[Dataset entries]
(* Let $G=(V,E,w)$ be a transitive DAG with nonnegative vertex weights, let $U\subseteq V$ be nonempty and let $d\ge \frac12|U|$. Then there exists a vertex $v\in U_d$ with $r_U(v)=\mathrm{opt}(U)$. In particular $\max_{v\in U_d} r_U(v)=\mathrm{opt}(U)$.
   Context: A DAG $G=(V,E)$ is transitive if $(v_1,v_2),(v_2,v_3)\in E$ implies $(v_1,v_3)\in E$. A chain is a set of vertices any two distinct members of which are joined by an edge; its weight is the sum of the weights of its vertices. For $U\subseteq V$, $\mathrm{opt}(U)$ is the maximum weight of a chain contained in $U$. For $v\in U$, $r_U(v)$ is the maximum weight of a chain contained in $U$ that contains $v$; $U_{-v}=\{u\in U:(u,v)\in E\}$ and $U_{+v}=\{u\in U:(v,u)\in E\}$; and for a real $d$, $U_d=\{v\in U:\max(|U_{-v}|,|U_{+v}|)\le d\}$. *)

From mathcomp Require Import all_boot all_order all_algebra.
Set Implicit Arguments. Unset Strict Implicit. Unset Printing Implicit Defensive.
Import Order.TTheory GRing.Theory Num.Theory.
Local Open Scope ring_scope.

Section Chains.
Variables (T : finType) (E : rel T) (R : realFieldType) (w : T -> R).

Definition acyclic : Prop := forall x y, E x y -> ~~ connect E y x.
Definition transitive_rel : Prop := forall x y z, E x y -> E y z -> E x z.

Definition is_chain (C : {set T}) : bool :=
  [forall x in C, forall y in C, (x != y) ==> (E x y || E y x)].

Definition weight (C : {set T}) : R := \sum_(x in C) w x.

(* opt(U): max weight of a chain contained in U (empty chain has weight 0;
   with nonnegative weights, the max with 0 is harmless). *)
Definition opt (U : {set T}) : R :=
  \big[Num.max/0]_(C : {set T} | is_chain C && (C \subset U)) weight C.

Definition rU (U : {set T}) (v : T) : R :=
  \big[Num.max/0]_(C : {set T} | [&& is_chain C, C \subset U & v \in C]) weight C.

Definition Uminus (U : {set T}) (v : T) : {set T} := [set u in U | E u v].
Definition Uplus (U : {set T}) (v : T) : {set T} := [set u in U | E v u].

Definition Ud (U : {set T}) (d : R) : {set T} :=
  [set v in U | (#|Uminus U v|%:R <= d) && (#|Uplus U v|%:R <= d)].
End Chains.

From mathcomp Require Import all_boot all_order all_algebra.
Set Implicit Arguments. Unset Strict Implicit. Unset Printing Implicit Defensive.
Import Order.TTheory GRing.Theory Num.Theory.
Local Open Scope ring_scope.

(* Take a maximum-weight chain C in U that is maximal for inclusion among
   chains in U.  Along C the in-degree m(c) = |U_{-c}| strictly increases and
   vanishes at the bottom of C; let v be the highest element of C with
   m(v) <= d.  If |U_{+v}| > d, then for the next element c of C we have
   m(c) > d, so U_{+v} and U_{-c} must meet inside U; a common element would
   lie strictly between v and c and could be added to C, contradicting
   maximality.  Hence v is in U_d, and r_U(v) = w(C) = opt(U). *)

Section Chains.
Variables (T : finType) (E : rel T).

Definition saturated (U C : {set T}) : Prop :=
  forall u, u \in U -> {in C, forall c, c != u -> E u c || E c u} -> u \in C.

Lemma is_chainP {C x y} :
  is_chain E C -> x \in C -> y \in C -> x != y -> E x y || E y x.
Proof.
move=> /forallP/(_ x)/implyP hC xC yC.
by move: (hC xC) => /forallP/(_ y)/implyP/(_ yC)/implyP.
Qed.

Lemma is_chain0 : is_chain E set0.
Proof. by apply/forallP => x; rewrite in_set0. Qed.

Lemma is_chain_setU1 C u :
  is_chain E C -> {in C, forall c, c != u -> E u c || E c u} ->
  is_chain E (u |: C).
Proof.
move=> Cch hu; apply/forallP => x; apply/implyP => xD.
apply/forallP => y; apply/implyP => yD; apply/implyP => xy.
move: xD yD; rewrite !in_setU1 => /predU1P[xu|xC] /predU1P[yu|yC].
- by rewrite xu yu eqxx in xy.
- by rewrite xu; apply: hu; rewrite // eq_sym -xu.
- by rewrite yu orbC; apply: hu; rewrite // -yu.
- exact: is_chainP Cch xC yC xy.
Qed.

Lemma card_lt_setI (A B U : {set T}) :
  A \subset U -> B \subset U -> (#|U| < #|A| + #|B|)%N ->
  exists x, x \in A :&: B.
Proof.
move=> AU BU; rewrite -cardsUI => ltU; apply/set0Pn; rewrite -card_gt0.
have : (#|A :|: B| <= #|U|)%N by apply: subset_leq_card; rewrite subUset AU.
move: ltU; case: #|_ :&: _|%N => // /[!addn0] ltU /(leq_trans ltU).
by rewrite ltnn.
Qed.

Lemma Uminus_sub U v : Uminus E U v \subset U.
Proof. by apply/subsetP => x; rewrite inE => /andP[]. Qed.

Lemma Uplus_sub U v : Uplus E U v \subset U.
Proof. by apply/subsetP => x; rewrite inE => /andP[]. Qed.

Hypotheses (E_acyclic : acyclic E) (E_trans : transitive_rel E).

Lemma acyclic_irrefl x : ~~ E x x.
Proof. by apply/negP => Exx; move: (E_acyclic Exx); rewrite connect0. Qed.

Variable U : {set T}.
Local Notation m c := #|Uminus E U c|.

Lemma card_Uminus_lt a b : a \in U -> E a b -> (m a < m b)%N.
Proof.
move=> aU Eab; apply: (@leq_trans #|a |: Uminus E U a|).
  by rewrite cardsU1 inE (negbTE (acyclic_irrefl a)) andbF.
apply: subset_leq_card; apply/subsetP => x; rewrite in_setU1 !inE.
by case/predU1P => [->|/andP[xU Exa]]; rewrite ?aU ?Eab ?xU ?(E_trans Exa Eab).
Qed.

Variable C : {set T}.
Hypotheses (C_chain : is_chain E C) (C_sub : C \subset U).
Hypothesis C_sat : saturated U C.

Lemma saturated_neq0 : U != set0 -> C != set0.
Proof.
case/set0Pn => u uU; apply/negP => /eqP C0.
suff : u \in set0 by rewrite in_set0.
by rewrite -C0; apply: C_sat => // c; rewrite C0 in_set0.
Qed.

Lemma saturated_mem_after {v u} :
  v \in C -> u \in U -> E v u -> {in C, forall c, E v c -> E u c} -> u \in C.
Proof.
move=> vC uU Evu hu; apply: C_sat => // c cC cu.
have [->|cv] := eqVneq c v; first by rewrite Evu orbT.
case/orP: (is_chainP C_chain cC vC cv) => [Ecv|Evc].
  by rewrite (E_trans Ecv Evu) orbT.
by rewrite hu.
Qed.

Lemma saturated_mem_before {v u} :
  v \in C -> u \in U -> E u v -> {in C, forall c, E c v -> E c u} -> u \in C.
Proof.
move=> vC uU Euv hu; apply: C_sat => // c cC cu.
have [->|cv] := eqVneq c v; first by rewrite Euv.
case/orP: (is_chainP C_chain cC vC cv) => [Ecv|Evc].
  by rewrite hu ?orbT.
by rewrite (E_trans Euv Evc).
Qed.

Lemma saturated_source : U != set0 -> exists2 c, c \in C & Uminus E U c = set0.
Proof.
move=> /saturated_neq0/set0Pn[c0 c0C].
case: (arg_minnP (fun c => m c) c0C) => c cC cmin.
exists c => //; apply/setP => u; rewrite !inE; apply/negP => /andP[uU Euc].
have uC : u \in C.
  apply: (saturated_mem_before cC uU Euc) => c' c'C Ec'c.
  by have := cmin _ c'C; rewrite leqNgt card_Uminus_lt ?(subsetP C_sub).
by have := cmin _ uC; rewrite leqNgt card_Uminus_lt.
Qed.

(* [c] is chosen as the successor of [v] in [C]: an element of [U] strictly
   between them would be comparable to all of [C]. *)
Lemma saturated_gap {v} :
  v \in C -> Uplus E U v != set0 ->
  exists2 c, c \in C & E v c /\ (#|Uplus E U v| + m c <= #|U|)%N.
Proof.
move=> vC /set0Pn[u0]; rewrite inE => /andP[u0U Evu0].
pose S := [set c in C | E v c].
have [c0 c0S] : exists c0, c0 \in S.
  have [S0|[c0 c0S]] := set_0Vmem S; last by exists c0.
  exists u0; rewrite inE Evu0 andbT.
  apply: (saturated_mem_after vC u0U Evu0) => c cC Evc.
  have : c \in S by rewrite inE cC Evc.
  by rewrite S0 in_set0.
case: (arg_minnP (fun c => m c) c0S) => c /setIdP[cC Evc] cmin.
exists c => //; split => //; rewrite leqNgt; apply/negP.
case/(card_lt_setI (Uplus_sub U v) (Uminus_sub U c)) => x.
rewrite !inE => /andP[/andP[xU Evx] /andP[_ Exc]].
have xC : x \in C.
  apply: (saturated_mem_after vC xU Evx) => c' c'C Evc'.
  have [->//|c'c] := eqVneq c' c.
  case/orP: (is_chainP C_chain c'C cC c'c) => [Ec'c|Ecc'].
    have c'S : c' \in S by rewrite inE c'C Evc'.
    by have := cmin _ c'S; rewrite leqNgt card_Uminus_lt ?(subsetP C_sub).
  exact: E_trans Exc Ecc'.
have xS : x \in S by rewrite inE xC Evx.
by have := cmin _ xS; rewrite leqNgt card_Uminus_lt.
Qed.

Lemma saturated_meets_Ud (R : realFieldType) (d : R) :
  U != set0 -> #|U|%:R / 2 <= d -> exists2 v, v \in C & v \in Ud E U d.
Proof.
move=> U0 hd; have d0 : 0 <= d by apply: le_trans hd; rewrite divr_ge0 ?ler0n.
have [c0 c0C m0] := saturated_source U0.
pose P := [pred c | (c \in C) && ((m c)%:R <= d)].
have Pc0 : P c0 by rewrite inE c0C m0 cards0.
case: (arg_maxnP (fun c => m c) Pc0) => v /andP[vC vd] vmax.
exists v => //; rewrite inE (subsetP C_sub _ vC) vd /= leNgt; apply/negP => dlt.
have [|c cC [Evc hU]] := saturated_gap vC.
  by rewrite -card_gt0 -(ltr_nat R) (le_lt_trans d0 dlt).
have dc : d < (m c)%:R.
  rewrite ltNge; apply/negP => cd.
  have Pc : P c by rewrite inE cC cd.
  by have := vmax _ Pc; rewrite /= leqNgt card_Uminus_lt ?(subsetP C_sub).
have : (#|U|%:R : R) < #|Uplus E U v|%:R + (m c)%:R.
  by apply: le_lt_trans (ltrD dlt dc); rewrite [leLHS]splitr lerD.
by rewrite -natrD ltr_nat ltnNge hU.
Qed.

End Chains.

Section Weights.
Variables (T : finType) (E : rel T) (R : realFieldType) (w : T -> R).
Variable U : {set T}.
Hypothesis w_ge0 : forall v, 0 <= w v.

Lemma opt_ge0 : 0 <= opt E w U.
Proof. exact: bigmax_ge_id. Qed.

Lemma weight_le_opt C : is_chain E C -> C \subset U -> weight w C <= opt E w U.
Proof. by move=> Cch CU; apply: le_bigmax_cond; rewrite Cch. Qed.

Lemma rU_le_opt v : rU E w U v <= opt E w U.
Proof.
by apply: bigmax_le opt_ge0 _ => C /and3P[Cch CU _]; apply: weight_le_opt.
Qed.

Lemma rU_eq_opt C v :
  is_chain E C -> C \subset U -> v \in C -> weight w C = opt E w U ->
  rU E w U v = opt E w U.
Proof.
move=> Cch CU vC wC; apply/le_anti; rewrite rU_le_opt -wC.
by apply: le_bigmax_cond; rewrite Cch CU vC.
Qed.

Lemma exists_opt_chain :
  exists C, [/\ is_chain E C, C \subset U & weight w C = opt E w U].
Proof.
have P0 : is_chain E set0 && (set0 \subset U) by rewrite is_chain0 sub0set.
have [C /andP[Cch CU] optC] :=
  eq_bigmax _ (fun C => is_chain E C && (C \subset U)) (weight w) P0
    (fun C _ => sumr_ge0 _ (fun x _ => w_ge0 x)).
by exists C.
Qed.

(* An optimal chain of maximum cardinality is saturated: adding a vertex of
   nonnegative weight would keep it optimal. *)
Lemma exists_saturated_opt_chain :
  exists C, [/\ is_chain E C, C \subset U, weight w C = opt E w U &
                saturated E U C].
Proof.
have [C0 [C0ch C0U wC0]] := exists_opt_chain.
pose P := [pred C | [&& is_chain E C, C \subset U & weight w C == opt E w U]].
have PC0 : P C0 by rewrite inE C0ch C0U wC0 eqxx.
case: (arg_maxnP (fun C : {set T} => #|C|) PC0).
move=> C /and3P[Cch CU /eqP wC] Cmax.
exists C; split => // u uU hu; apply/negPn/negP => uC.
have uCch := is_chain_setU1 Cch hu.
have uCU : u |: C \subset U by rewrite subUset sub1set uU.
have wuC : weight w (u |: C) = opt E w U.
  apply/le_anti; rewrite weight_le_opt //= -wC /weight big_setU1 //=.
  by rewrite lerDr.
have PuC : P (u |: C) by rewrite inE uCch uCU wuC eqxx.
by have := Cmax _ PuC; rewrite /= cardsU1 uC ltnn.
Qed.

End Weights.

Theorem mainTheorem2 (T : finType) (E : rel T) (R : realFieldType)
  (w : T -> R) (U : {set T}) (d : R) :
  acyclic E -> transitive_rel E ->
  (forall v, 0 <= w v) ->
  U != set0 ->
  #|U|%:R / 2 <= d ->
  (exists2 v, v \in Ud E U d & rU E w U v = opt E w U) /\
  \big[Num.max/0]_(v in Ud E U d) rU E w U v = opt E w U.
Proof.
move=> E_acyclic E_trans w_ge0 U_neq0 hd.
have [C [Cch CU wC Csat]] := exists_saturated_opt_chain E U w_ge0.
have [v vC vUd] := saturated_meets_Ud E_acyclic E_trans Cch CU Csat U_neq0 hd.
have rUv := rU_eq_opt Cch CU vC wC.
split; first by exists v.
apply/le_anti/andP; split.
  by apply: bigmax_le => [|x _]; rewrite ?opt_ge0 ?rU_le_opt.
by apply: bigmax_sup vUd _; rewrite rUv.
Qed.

• [Task goal]:
Copy out all the lines of the records that include "implyP".

• [Solution to this exercise]:
move=> /forallP/(_ x)/implyP hC xC yC.
by move: (hC xC) => /forallP/(_ y)/implyP/(_ yC)/implyP.
move=> Cch hu; apply/forallP => x; apply/implyP => xD.
apply/forallP => y; apply/implyP => yD; apply/implyP => xy.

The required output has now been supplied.